The language and additional specialized modules are mostly used by researchers and scientists. With its add-on modules, MATLAB enables data analysis and image processing. It also features relatively advanced machine learning toolboxes that streamline AI development.
Some of the most prominent advantages of MATLAB are ease of use and a rich library of ready-to-use functions that can automate the development of many common computing applications. It offers versatile tools for plotting algorithms and function outputs, and platform independence.
MATLAB applications can run across a variety of platforms. On the downside, MATLAB comes with quite an expensive license. Being an interpreted language makes its operation slow and memory intensive.
Summary
Pros:
- Ease of use
- Rich library pack
- Platform independence
Cons:
- Expensive license cost
- Memory intensive
Top use cases:
- Control theory
- Data analysis
- Machine learning
- Scientific computing
Choosing a programming language for AI development
Selecting the right tech stack is vital for a project’s success. The best way to start is by defining the task at hand. After a clear definition of what the task is and what the expected results are, there has to be a clear statement of how machine learning, deep learning, or some other data-driven approach can help in achieving these goals.
Once you are sure that AI techniques are a good fit, the next most important factor is the development team’s experience. Find out what is the preferred programming language among the developers in your team.
The next thing to determine is the actual scale at which the AI software will be used. This will decide whether the selection of tools and programming languages can efficiently support that scale. Finally, it is important to determine if your team has an interest in developing your own tools, or if you want to make use of available tools that will help you move faster, sacrificing flexibility.
Conclusion
Automated processes are the most attractive trait of AI software for businesses. This includes recent developments like robotics and machine learning. AI-driven software systems are capable of performing a variety of tasks without involving an extra workforce. It saves you a lot in operational costs.

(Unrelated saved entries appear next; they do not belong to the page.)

(* Since the absolute-moment series have
   nonnegative terms, "M_2(chi) < +oo" (a sup over u of sums) is stated as a
   uniform bound on all partial sums, and the uniform limit in (ii) as a
   uniform bound on the partial sums of the tails. *)
Definition is_kernel (chi : R -> R) : Prop :=
  (forall u, 0 < u -> continuity_pt chi u) /\
  (forall u, 0 < u -> Zseries (fun k => chi (exp (- IZR k) * u)) 1) /\
  (exists B, forall u, 0 < u -> forall N, Zpartial (absmoment_term chi 2 u) N <= B) /\
  (forall eps, 0 < eps -> exists g0, forall gamma, g0 < gamma ->
     forall u, 0 < u -> forall N,
       Zpartial (fun k => if Rlt_dec gamma (Rabs (IZR k - ln u))
                          then absmoment_term chi 2 u k else 0) N <= eps).

Definition Iw_term (chi f : R -> R) (w x : R) (k : Z) : R :=
  chi (exp (- IZR k) * Rpower x w) *
  (w * Rint (fun u => f (exp u)) (IZR k / w) ((IZR k + 1) / w)).

Definition Iw (chi f : R -> R) (w x : R) : R := Zsum (Iw_term chi f w x).

From Stdlib Require Import Reals Lra Lia ZArith ClassicalEpsilon.
From Coquelicot Require Import Coquelicot.
Open Scope R_scope.

(* Write g(u) = f(e^u), so that g' = (theta f)(e^u) and g'' = (theta^2 f)(e^u).  Around
   t0 = ln x, Taylor's formula with the continuity of theta^2 f bounds the remainder
   g(u) - g(t0) - g'(t0)(u - t0) by C (u - t0)^2 near t0, and the logarithmic growth of f
   (linear growth of g) gives the same bound far from t0.  Averaging over [k/w, (k+1)/w]
   then gives w * int g = f(x) + (theta f)(x) (k - w ln x + 1/2) / w + O(((k - w ln x)^2 + 1)/w^2).
   Summing against chi(e^-k x^w), the partition of unity and m_1 = 0 leave
   f(x) + (theta f)(x) / (2w), and the error is controlled by M_0 + M_2, which is finite
   because M_2 is and chi is bounded near the diagonal |k - ln u| < 1.  Hence
   w (I_w f - f)(x) - (theta f)(x)/2 = O(1/w). *)

Lemma sum_f_R0_telescope (G : nat -> R) n :
  sum_f_R0 (fun i => G (S i) - G i) n = G (S n) - G 0%nat.
Proof. induction n; simpl; [|rewrite IHn]; ring. Qed.

Lemma Zpartial_S a N : Zpartial a (S N) =
  Zpartial a N + a (- Z.of_nat (S N))%Z + a (Z.of_nat (S N)).
Proof.
  unfold Zpartial.
  replace (2 * S N)%nat with (S (S (2 * N))) by lia.
  rewrite decomp_sum by lia; rewrite Nat.pred_succ, tech5.
  replace (sum_f_R0 (fun i => a (Z.of_nat (S i) - Z.of_nat (S N))%Z) (2 * N))
    with (sum_f_R0 (fun i => a (Z.of_nat i - Z.of_nat N)%Z) (2 * N))
    by (apply sum_eq; intros i _; f_equal; lia).
  replace (Z.of_nat 0 - Z.of_nat (S N))%Z with (- Z.of_nat (S N))%Z by lia.
  replace (Z.of_nat (S (S (2 * N))) - Z.of_nat (S N))%Z with (Z.of_nat (S N)) by lia.
  ring.
Qed.

Lemma Zpartial_linear A B a b N :
  Zpartial (fun k => A * a k + B * b k) N = A * Zpartial a N + B * Zpartial b N.
Proof. unfold Zpartial; induction (2 * N)%nat; simpl; [|rewrite IHn]; ring. Qed.

Lemma Zpartial_scal A a N : Zpartial (fun k => A * a k) N = A * Zpartial a N.
Proof. unfold Zpartial; induction (2 * N)%nat; simpl; [|rewrite IHn]; ring. Qed.

Lemma Zpartial_le a b N : (forall k, a k <= b k) -> Zpartial a N <= Zpartial b N.
Proof. intros H; apply sum_Rle; intros; apply H. Qed.

Lemma Zpartial_abs_le a N : Rabs (Zpartial a N) <= Zpartial (fun k => Rabs (a k)) N.
Proof. apply sum_f_R0_triangle. Qed.

Lemma Zpartial_dist_le a n m : (n <= m)%nat ->
  Rabs (Zpartial a m - Zpartial a n) <=
  Zpartial (fun k => Rabs (a k)) m - Zpartial (fun k => Rabs (a k)) n.
Proof.
  intros Hnm; induction Hnm as [|m _ IH].
  - unfold Rminus; rewrite !Rplus_opp_r, Rabs_R0; lra.
  - rewrite !Zpartial_S.
    pose proof (Rabs_triang (Zpartial a m - Zpartial a n)
                  (a (- Z.of_nat (S m))%Z + a (Z.of_nat (S m)))).
    pose proof (Rabs_triang (a (- Z.of_nat (S m))%Z) (a (Z.of_nat (S m)))).
    replace (Zpartial a m + a (- Z.of_nat (S m))%Z + a (Z.of_nat (S m)) - Zpartial a n)
      with (Zpartial a m - Zpartial a n + (a (- Z.of_nat (S m))%Z + a (Z.of_nat (S m))))
      by ring.
    lra.
Qed.

Lemma Zseries_linear A B a b la lb : Zseries a la -> Zseries b lb ->
  Zseries (fun k => A * a k + B * b k) (A * la + B * lb).
Proof.
  unfold Zseries; intros Ha%is_lim_seq_Reals Hb%is_lim_seq_Reals.
  apply is_lim_seq_Reals.
  eapply is_lim_seq_ext; [intros n; symmetry; apply Zpartial_linear|].
  exact (is_lim_seq_plus' _ _ _ _ (is_lim_seq_scal_l _ A la Ha)
                                  (is_lim_seq_scal_l _ B lb Hb)).
Qed.

Lemma Zsum_eq a l : Zseries a l -> Zsum a = l.
Proof.
  intros H; apply (UL_sequence (Zpartial a)); [|exact H].
  unfold Zsum; apply epsilon_spec; exists l; exact H.
Qed.

Lemma Zseries_abs_le a l K : Zseries a l ->
  (forall N, Zpartial (fun k => Rabs (a k)) N <= K) -> Rabs l <= K.
Proof.
  intros H%is_lim_seq_Reals%is_lim_seq_abs HK.
  exact (is_lim_seq_le _ _ _ _ (fun N => Rle_trans _ _ _ (Zpartial_abs_le a N) (HK N))
           H (is_lim_seq_const K)).
Qed.

Lemma Zseries_nonneg_bounded a K : (forall k, 0 <= a k) ->
  (forall N, Zpartial a N <= K) -> exists l, Zseries a l.
Proof.
  intros Hpos HK.
  destruct (growing_cv (Zpartial a)) as [l Hl]; [| exists K; intros y [n ->]; apply HK |].
  - intros n; rewrite Zpartial_S.
    pose proof (Hpos (- Z.of_nat (S n))%Z); pose proof (Hpos (Z.of_nat (S n))); lra.
  - exists l; exact Hl.
Qed.

Lemma Zabs_summable_Zseries a : Zabs_summable a -> exists l, Zseries a l.
Proof.
  intros [L HL].
  destruct (Rcomplete.R_complete (Zpartial a)) as [l Hl]; [|exists l; exact Hl].
  intros eps Heps; destruct (CV_Cauchy _ (exist _ L HL) eps Heps) as [N HN].
  exists N; intros n m Hn Hm; unfold Rdist.
  assert (Hdist : forall p q, (N <= p <= q)%nat -> Rabs (Zpartial a q - Zpartial a p) < eps).
  { intros p q Hpq.
    eapply Rle_lt_trans; [apply Zpartial_dist_le; lia|].
    eapply Rle_lt_trans; [apply Rle_abs | apply HN; lia]. }
  destruct (Nat.le_ge_cases n m).
  - rewrite Rabs_minus_sym; apply Hdist; lia.
  - apply Hdist; lia.
Qed.

Lemma Zpartial_abs_dominated a b D P N : 0 <= D ->
  (forall k, Rabs (a k) <= D * b k) -> (forall N, Zpartial b N <= P) ->
  Zpartial (fun k => Rabs (a k)) N <= D * P.
Proof.
  intros HD Hab HP.
  eapply Rle_trans; [apply (Zpartial_le _ _ N Hab)|].
  rewrite Zpartial_scal; apply Rmult_le_compat_l; auto.
Qed.

Lemma Rabs_increment_le F F' a b L :
  (forall s, Rmin a b <= s <= Rmax a b -> derivable_pt_lim F s (F' s)) ->
  (forall s, Rmin a b <= s <= Rmax a b -> Rabs (F' s) <= L) ->
  Rabs (F b - F a) <= L * Rabs (b - a).
Proof.
  intros HD HL; destruct (MVT_abs F F' a b HD) as [c [-> Hc]].
  apply Rmult_le_compat_r; [apply Rabs_pos | auto].
Qed.

Lemma Rabs_between_le t0 u s :
  Rmin t0 u <= s <= Rmax t0 u -> Rabs (s - t0) <= Rabs (u - t0).
Proof. unfold Rmin, Rmax, Rabs; repeat destruct Rle_dec; repeat destruct Rcase_abs; lra. Qed.

Section QuadraticRemainder.
Variables (g h h2 : R -> R) (t0 A0 A1 : R).
Hypothesis g_deriv : forall u, derivable_pt_lim g u (h u).
Hypothesis h_deriv : forall u, derivable_pt_lim h u (h2 u).
Hypothesis h2_cont : forall u, continuity_pt h2 u.
Hypothesis A1_ge0 : 0 <= A1.
Hypothesis g_growth : forall u, Rabs (g u) <= A0 + A1 * Rabs (u - t0).

Lemma remainder_deriv u :
  derivable_pt_lim (fun s => g s - g t0 - h t0 * (s - t0)) u (h u - h t0).
Proof.
  replace (h u - h t0) with (h u - 0 - h t0 * (1 - 0)) by ring.
  apply derivable_pt_lim_minus;
    [apply derivable_pt_lim_minus; [apply g_deriv | apply derivable_pt_lim_const]|].
  apply derivable_pt_lim_scal, derivable_pt_lim_minus;
    [apply derivable_pt_lim_id | apply derivable_pt_lim_const].
Qed.

Lemma quadratic_remainder_near : exists K, 0 <= K /\ forall u, Rabs (u - t0) <= 1 ->
  Rabs (g u - g t0 - h t0 * (u - t0)) <= K * (u - t0) ^ 2.
Proof.
  destruct (continuity_ab_maj (fun s => Rabs (h2 s)) (t0 - 1) (t0 + 1)) as [m [Hm _]];
    [lra | intros c _; apply (continuity_pt_comp h2 Rabs);
           [apply h2_cont | apply Rcontinuity_abs]|].
  exists (Rabs (h2 m)); split; [apply Rabs_pos|].
  intros u Hu.
  assert (Hwin : forall s, Rabs (s - t0) <= Rabs (u - t0) -> t0 - 1 <= s <= t0 + 1).
  { intros s Hs; revert Hs Hu; unfold Rabs; repeat destruct Rcase_abs; lra. }
  assert (Hh : forall s, Rmin t0 u <= s <= Rmax t0 u ->
                 Rabs (h s - h t0) <= Rabs (h2 m) * Rabs (u - t0)).
  { intros s Hs.
    eapply Rle_trans; [apply (Rabs_increment_le h h2)|].
    - intros; apply h_deriv.
    - intros r Hr; apply Hm, Hwin.
      eapply Rle_trans; apply Rabs_between_le; eassumption.
    - apply Rmult_le_compat_l; [apply Rabs_pos | apply Rabs_between_le, Hs]. }
  pose proof (Rabs_increment_le _ _ t0 u _ (fun s _ => remainder_deriv s) Hh) as Hr.
  cbv beta in Hr.
  replace (g u - g t0 - h t0 * (u - t0) - (g t0 - g t0 - h t0 * (t0 - t0)))
    with (g u - g t0 - h t0 * (u - t0)) in Hr by ring.
  rewrite <- pow2_abs; simpl; rewrite Rmult_1_r, <- Rmult_assoc; exact Hr.
Qed.

Lemma quadratic_remainder_far u : 1 <= Rabs (u - t0) ->
  Rabs (g u - g t0 - h t0 * (u - t0)) <= (2 * A0 + A1 + Rabs (h t0)) * (u - t0) ^ 2.
Proof.
  intros Hq; rewrite <- pow2_abs.
  set (q := Rabs (u - t0)) in *.
  assert (Hgt0 : Rabs (g t0) <= A0).
  { pose proof (g_growth t0) as H; rewrite Rminus_diag, Rabs_R0, Rmult_0_r in H; lra. }
  assert (HR : Rabs (g u - g t0 - h t0 * (u - t0)) <= Rabs (g u) + Rabs (g t0) + Rabs (h t0) * q).
  { unfold q; rewrite <- Rabs_mult.
    pose proof (Rabs_triang (g u - g t0) (- (h t0 * (u - t0)))) as H1.
    pose proof (Rabs_triang (g u) (- g t0)) as H2.
    rewrite !Rabs_Ropp in H1, H2; unfold Rminus in *; lra. }
  pose proof (g_growth u) as Hgu; fold q in Hgu.
  pose proof (Rabs_pos (g t0)); pose proof (Rabs_pos (h t0)).
  assert (Hq2 : q <= q ^ 2) by nra.
  assert (H1q : 1 <= q ^ 2) by nra.
  pose proof (Rmult_le_compat_l A0 _ _ ltac:(lra) H1q).
  pose proof (Rmult_le_compat_l A1 _ _ A1_ge0 Hq2).
  pose proof (Rmult_le_compat_l (Rabs (h t0)) _ _ ltac:(lra) Hq2).
  lra.
Qed.

Lemma quadratic_remainder_bound : exists C, 0 <= C /\ forall u,
  Rabs (g u - g t0 - h t0 * (u - t0)) <= C * (u - t0) ^ 2.
Proof.
  destruct quadratic_remainder_near as [K [HK Hnear]].
  assert (HA0 : 0 <= A0).
  { pose proof (g_growth t0); pose proof (Rabs_pos (g t0)).
    rewrite Rminus_diag, Rabs_R0, Rmult_0_r in *; lra. }
  exists (K + (2 * A0 + A1 + Rabs (h t0))); split; [pose proof (Rabs_pos (h t0)); lra|].
  intros u; pose proof (pow2_ge_0 (u - t0)); pose proof (Rabs_pos (h t0)).
  assert (0 <= K * (u - t0) ^ 2) by (apply Rmult_le_pos; lra).
  assert (0 <= (2 * A0 + A1 + Rabs (h t0)) * (u - t0) ^ 2) by (apply Rmult_le_pos; lra).
  destruct (Rle_lt_dec (Rabs (u - t0)) 1) as [Hq | Hq].
  - pose proof (Hnear u Hq); lra.
  - pose proof (quadratic_remainder_far u ltac:(lra)); lra.
Qed.

End QuadraticRemainder.

Lemma Rint_RInt f a b : ex_RInt f a b -> Rint f a b = RInt f a b.
Proof.
  intros Hex; unfold Rint; set (pr0 := ex_RInt_Reals_0 _ _ _ Hex).
  destruct (epsilon_spec (inhabits 0)
              (fun v => exists pr : Riemann_integrable f a b, RiemannInt pr = v))
    as [pr <-]; [now exists (RiemannInt pr0), pr0|].
  symmetry; apply RInt_Reals.
Qed.

Lemma window_average_affine c0 c1 t0 w z : 0 < w ->
  w * RInt (fun s => c0 + c1 * (s - t0)) (z / w) ((z + 1) / w)
  = c0 + c1 * (z - w * t0 + 1 / 2) / w.
Proof.
  intros Hw.
  set (F s := c0 * s + c1 * ((s - t0) ^ 2 / 2)).
  assert (HF : is_RInt (fun s => c0 + c1 * (s - t0)) (z / w) ((z + 1) / w)
                 (F ((z + 1) / w) - F (z / w))).
  { apply (is_RInt_derive (V := R_CompleteNormedModule)); intros s _.
    - unfold F; auto_derive; [easy | field].
    - apply continuity_pt_filterlim; reg. }
  rewrite (is_RInt_unique _ _ _ _ HF); unfold F; field; lra.
Qed.

Lemma sqr_window_le t0 w z t : 0 < w -> z <= w * t <= z + 1 ->
  (t - t0) ^ 2 <= 2 * ((z - w * t0) ^ 2 + 1) / (w * w).
Proof.
  intros Hw Ht.
  replace ((t - t0) ^ 2) with ((w * t - w * t0) ^ 2 / (w * w)) by (field; lra).
  apply Rmult_le_compat_r; [left; apply Rinv_0_lt_compat; nra|].
  pose proof (pow2_ge_0 (z - w * t0 - (w * t - z))); nra.
Qed.

Section WindowAverage.
Variables (g h : R -> R) (t0 C : R).
Hypothesis g_cont : forall u, continuous g u.
Hypothesis C_ge0 : 0 <= C.
Hypothesis remainder_bound :
  forall u, Rabs (g u - g t0 - h t0 * (u - t0)) <= C * (u - t0) ^ 2.

Lemma window_average_expansion w z : 0 < w ->
  Rabs (w * Rint g (z / w) ((z + 1) / w) - (g t0 + h t0 * (z - w * t0 + 1 / 2) / w))
  <= 2 * C * ((z - w * t0) ^ 2 + 1) / (w * w).
Proof.
  intros Hw; set (a := z / w); set (b := (z + 1) / w).
  set (lin := fun s => g t0 + h t0 * (s - t0)).
  assert (Hab : a <= b) by (unfold a, b, Rdiv; apply Rmult_le_compat_r;
                              [left; apply Rinv_0_lt_compat |]; lra).
  assert (Hexg : ex_RInt g a b)
    by (apply (ex_RInt_continuous (V := R_CompleteNormedModule)); auto).
  assert (Hexl : ex_RInt lin a b)
    by (apply (ex_RInt_continuous (V := R_CompleteNormedModule)); intros;
        apply continuity_pt_filterlim; unfold lin; reg).
  set (M := 2 * C * ((z - w * t0) ^ 2 + 1) / (w * w)).
  assert (Hdiff : Rabs (RInt (fun s => g s - lin s) a b) <= (b - a) * M).
  { apply abs_RInt_le_const;
      [exact Hab | now apply (ex_RInt_minus (V := R_CompleteNormedModule)) |].
    intros t [Hat Htb]; unfold lin.
    replace (g t - (g t0 + h t0 * (t - t0))) with (g t - g t0 - h t0 * (t - t0)) by ring.
    eapply Rle_trans; [apply remainder_bound|].
    apply Rle_trans with (C * (2 * ((z - w * t0) ^ 2 + 1) / (w * w)));
      [| right; unfold M; field; lra].
    apply Rmult_le_compat_l; [exact C_ge0|].
    apply sqr_window_le; [exact Hw|]; unfold a, b in *; split.
    - apply (Rmult_le_compat_l w) in Hat; [|lra].
      replace (w * (z / w)) with z in Hat by (field; lra); exact Hat.
    - apply (Rmult_le_compat_l w) in Htb; [|lra].
      replace (w * ((z + 1) / w)) with (z + 1) in Htb by (field; lra); exact Htb. }
  rewrite Rint_RInt by exact Hexg.
  replace (RInt g a b) with (RInt lin a b + RInt (fun s => g s - lin s) a b)
    by (rewrite (RInt_minus (V := R_CompleteNormedModule)) by assumption; cbn; ring).
  rewrite Rmult_plus_distr_l; unfold lin at 1, a, b; rewrite window_average_affine by exact Hw.
  fold a b.
  replace (g t0 + h t0 * (z - w * t0 + 1 / 2) / w + w * RInt (fun s => g s - lin s) a b
           - (g t0 + h t0 * (z - w * t0 + 1 / 2) / w))
    with (w * RInt (fun s => g s - lin s) a b) by ring.
  rewrite Rabs_mult, Rabs_right by lra.
  replace M with (w * ((b - a) * M)) by (unfold a, b; field; lra).
  apply Rmult_le_compat_l; lra.
Qed.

Integrating AI software into an existing diverse business ecosystem requires a variety of programming tools, including different languages, frameworks, and libraries. These tools often demand extreme levels of proficiency and expertise. An experienced AI development partner can help you navigate through the complex development process and turn your project into a successful one. These companies often practice full-cycle product development and can supervise development from ideation to deployment and market launch.